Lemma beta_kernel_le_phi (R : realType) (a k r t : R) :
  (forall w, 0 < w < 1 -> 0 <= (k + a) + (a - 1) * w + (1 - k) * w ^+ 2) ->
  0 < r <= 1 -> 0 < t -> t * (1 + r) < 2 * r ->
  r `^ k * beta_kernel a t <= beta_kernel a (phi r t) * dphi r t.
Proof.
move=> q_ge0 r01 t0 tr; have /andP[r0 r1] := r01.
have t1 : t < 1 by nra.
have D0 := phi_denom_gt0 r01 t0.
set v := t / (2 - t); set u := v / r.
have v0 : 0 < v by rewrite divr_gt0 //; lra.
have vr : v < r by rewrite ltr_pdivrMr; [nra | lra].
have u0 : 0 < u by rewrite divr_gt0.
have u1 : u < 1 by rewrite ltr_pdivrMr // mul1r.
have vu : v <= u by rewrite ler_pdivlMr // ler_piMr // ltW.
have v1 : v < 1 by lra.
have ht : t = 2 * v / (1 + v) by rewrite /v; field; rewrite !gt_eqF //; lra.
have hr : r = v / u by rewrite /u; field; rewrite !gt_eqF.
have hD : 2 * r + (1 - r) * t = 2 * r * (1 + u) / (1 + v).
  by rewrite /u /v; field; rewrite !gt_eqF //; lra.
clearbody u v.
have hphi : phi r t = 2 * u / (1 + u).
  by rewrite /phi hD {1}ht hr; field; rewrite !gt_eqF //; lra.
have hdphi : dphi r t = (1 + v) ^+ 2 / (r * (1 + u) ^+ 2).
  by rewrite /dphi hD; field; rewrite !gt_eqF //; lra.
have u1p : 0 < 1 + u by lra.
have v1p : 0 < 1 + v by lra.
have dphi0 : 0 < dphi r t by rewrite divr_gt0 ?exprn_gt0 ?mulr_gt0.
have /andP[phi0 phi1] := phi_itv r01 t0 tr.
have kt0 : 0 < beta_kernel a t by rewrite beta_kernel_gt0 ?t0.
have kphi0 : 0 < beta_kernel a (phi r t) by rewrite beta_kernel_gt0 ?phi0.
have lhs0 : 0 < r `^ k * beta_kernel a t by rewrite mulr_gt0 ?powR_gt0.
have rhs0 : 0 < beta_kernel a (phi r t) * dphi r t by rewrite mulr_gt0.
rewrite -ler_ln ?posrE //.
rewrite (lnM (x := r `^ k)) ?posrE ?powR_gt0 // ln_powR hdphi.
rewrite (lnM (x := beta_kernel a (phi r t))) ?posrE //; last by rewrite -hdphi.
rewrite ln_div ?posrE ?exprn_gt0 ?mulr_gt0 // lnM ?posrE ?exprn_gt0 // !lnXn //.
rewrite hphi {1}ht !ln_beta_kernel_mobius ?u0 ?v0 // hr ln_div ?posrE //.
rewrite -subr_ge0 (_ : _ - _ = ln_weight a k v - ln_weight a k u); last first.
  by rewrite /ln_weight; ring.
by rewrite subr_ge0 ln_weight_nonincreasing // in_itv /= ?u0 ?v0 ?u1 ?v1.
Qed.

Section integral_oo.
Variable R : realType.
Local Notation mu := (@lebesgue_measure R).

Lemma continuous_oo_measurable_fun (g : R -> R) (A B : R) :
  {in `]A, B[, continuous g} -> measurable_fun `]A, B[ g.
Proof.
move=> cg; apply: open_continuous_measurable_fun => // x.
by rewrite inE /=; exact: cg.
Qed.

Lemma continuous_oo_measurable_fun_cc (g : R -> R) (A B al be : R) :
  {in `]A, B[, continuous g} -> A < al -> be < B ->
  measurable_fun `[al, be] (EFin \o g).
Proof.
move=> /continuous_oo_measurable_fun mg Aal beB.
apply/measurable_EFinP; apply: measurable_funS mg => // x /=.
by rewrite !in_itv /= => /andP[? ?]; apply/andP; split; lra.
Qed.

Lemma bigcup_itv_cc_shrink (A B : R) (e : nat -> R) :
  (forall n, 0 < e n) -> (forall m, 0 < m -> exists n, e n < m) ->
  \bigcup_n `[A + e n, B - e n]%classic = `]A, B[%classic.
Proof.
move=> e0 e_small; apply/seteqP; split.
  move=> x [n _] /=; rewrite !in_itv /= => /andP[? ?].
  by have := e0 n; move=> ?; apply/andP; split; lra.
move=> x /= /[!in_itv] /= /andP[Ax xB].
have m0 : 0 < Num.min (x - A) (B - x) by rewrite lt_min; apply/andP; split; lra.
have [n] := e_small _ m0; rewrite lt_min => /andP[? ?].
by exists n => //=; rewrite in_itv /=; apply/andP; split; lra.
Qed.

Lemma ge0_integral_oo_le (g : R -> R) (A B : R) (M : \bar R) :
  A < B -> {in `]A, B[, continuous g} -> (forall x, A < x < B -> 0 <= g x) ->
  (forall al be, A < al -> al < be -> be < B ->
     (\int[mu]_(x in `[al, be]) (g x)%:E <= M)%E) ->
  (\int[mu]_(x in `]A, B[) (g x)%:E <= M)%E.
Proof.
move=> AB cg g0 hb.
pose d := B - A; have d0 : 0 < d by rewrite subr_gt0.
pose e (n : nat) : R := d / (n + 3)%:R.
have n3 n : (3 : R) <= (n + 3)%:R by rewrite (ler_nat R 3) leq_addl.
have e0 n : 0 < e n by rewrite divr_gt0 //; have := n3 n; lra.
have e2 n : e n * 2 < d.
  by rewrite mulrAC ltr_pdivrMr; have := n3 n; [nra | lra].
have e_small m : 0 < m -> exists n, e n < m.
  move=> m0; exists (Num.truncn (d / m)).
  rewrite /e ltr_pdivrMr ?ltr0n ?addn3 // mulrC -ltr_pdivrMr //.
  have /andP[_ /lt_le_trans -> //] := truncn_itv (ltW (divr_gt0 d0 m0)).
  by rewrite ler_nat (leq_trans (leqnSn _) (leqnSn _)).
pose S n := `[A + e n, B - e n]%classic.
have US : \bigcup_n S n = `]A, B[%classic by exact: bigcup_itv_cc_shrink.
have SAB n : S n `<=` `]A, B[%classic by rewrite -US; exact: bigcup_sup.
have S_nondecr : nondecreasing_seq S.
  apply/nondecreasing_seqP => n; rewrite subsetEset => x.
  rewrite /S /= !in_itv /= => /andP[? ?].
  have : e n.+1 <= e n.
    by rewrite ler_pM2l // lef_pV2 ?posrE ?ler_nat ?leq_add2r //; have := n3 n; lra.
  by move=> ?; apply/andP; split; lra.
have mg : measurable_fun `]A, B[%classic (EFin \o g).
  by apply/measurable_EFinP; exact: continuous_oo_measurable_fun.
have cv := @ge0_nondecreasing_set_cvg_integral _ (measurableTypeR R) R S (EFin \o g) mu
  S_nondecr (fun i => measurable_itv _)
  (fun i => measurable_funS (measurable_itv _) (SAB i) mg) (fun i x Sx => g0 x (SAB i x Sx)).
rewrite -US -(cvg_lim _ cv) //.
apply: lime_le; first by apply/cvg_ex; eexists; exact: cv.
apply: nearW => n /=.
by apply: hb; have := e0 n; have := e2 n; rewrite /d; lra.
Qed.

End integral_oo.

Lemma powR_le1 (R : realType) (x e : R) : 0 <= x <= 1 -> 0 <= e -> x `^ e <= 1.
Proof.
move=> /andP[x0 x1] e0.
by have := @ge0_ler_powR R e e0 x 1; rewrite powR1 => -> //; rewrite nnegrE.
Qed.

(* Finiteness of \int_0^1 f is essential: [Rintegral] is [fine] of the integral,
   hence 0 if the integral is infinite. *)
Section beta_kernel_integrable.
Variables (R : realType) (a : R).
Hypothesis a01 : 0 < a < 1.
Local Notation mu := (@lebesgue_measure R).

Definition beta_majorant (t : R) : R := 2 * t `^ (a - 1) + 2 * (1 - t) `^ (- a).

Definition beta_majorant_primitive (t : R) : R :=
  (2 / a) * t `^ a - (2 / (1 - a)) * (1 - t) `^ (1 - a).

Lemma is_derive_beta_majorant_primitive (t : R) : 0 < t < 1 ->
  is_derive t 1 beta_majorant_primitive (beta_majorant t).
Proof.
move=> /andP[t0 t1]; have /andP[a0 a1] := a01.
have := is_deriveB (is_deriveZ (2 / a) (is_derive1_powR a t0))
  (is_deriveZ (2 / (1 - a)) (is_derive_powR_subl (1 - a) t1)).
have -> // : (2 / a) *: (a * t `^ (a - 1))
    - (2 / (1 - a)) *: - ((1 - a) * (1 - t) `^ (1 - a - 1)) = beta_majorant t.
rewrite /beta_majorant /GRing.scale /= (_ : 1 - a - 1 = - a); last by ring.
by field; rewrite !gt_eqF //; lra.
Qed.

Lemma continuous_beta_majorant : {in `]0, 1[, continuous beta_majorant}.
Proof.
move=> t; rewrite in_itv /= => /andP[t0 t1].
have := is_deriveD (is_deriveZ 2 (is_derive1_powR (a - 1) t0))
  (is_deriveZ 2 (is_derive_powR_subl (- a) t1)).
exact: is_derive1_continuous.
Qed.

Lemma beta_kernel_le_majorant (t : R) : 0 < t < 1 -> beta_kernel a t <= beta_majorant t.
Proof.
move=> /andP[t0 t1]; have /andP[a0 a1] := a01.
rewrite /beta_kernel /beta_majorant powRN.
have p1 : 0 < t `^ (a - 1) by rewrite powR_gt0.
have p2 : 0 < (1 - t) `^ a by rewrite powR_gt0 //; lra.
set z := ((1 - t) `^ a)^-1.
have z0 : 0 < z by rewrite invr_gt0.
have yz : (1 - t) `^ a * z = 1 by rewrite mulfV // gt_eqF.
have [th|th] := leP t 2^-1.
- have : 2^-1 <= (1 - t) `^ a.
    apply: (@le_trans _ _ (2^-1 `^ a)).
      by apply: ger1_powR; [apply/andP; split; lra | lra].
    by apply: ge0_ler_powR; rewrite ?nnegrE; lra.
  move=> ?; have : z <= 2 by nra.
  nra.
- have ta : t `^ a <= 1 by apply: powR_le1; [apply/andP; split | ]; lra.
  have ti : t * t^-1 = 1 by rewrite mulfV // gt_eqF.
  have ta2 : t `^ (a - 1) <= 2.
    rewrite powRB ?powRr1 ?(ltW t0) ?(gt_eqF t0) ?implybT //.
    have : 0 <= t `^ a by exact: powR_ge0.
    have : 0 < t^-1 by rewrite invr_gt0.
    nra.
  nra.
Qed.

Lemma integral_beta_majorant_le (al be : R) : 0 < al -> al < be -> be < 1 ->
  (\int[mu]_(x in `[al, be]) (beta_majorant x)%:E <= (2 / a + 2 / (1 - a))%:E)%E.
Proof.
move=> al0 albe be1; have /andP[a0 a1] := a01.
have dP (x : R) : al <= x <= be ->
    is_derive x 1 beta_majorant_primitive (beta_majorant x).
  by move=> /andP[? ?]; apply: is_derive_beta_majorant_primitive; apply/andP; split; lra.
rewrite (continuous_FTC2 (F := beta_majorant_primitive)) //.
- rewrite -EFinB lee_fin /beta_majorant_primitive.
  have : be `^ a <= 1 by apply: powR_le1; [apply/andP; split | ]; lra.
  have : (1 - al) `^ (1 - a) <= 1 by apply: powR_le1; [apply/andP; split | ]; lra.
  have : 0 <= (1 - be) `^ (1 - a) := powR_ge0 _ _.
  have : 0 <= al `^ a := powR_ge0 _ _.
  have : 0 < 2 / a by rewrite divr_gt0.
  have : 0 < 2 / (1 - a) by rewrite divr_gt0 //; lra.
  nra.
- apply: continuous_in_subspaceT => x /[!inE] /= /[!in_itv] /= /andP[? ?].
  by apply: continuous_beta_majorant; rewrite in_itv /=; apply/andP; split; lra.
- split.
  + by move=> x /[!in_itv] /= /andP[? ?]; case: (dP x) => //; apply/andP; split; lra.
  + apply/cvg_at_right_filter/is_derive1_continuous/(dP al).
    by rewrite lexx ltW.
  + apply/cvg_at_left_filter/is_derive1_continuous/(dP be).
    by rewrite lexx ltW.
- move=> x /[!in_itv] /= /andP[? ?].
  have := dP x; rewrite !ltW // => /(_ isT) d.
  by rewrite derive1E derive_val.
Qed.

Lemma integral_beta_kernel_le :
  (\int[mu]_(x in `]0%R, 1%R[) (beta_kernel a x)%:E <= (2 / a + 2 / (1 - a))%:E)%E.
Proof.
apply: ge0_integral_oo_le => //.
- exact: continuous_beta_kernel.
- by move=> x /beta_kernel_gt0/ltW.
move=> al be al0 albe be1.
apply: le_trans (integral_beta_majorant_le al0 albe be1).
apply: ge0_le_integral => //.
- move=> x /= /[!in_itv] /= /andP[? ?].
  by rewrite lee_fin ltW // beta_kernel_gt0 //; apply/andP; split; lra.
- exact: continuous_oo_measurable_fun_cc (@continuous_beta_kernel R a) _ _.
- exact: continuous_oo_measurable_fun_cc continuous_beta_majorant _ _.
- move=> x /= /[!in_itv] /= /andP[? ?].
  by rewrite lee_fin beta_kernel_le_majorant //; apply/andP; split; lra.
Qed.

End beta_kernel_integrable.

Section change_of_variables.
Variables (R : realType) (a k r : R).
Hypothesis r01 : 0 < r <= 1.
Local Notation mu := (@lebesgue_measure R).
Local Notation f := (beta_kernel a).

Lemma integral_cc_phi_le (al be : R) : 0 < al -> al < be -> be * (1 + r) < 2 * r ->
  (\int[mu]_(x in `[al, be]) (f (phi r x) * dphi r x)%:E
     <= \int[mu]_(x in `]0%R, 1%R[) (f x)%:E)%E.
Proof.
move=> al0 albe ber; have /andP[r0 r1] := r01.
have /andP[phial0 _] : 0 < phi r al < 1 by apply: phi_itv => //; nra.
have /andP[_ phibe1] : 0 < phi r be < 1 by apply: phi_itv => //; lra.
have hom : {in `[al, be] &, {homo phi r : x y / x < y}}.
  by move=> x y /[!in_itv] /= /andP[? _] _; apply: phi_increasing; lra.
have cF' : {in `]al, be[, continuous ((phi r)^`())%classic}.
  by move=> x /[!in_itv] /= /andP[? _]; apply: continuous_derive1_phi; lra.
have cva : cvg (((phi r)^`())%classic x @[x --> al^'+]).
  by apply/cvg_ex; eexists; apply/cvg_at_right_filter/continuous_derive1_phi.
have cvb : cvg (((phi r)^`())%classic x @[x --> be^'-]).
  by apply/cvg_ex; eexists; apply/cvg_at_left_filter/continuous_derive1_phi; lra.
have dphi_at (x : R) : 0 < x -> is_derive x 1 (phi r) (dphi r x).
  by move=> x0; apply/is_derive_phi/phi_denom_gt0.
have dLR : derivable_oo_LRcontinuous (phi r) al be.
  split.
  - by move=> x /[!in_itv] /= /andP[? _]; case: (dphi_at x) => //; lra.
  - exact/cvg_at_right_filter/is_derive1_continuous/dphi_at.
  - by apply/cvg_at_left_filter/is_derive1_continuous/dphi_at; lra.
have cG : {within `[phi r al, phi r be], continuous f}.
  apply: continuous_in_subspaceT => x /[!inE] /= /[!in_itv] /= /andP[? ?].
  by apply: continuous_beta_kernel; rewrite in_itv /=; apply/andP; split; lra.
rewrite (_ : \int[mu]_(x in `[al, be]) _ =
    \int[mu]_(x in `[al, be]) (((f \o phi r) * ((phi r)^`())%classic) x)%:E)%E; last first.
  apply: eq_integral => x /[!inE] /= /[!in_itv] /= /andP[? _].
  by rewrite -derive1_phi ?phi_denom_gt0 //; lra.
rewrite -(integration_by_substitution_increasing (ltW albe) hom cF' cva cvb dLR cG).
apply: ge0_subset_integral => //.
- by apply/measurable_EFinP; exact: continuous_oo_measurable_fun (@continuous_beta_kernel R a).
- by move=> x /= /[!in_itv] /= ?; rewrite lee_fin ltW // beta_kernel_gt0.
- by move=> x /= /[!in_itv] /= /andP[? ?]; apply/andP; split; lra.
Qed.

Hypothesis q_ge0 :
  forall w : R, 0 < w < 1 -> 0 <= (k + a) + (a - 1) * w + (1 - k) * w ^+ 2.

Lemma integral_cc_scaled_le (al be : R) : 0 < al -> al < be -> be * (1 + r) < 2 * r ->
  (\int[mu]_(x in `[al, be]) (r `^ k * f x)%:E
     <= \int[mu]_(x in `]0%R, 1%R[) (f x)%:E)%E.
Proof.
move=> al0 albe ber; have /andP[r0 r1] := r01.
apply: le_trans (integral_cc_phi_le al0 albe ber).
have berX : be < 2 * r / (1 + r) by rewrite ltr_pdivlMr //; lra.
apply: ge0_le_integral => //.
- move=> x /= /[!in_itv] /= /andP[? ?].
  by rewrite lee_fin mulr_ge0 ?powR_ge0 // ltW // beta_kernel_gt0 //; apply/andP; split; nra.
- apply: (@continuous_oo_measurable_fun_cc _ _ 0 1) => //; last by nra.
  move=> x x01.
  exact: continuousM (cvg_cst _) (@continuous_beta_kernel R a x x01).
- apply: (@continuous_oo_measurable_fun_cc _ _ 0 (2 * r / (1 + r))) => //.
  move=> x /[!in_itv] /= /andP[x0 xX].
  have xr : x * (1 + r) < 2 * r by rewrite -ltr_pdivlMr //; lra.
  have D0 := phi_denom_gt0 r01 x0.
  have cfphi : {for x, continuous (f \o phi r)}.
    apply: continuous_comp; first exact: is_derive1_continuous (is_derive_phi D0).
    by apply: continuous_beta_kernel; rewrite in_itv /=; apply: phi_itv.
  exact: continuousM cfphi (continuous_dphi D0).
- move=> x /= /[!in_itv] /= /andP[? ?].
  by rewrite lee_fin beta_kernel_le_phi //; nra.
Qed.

══════════════════════════════

TASK TO COMPLETE: Only the lines from the beginning of the data above through the line containing "rewrite (lnM (x := beta_kernel" should be repeated, exactly as they appear.

RESPONSE AREA:
Lemma beta_kernel_le_phi (R : realType) (a k r t : R) :
  (forall w, 0 < w < 1 -> 0 <= (k + a) + (a - 1) * w + (1 - k) * w ^+ 2) ->
  0 < r <= 1 -> 0 < t -> t * (1 + r) < 2 * r ->
  r `^ k * beta_kernel a t <= beta_kernel a (phi r t) * dphi r t.
Proof.
move=> q_ge0 r01 t0 tr; have /andP[r0 r1] := r01.
have t1 : t < 1 by nra.
have D0 := phi_denom_gt0 r01 t0.
set v := t / (2 - t); set u := v / r.
have v0 : 0 < v by rewrite divr_gt0 //; lra.
have vr : v < r by rewrite ltr_pdivrMr; [nra | lra].
have u0 : 0 < u by rewrite divr_gt0.
have u1 : u < 1 by rewrite ltr_pdivrMr // mul1r.
have vu : v <= u by rewrite ler_pdivlMr // ler_piMr // ltW.
have v1 : v < 1 by lra.
have ht : t = 2 * v / (1 + v) by rewrite /v; field; rewrite !gt_eqF //; lra.
have hr : r = v / u by rewrite /u; field; rewrite !gt_eqF.
have hD : 2 * r + (1 - r) * t = 2 * r * (1 + u) / (1 + v).
  by rewrite /u /v; field; rewrite !gt_eqF //; lra.
clearbody u v.
have hphi : phi r t = 2 * u / (1 + u).
  by rewrite /phi hD {1}ht hr; field; rewrite !gt_eqF //; lra.
have hdphi : dphi r t = (1 + v) ^+ 2 / (r * (1 + u) ^+ 2).
  by rewrite /dphi hD; field; rewrite !gt_eqF //; lra.
have u1p : 0 < 1 + u by lra.
have v1p : 0 < 1 + v by lra.
have dphi0 : 0 < dphi r t by rewrite divr_gt0 ?exprn_gt0 ?mulr_gt0.
have /andP[phi0 phi1] := phi_itv r01 t0 tr.
have kt0 : 0 < beta_kernel a t by rewrite beta_kernel_gt0 ?t0.
have kphi0 : 0 < beta_kernel a (phi r t) by rewrite beta_kernel_gt0 ?phi0.
have lhs0 : 0 < r `^ k * beta_kernel a t by rewrite mulr_gt0 ?powR_gt0.
have rhs0 : 0 < beta_kernel a (phi r t) * dphi r t by rewrite mulr_gt0.
rewrite -ler_ln ?posrE //.
rewrite (lnM (x := r `^ k)) ?posrE ?powR_gt0 // ln_powR hdphi.
rewrite (lnM (x := beta_kernel a (phi r t))) ?posrE //; last by rewrite -hdphi.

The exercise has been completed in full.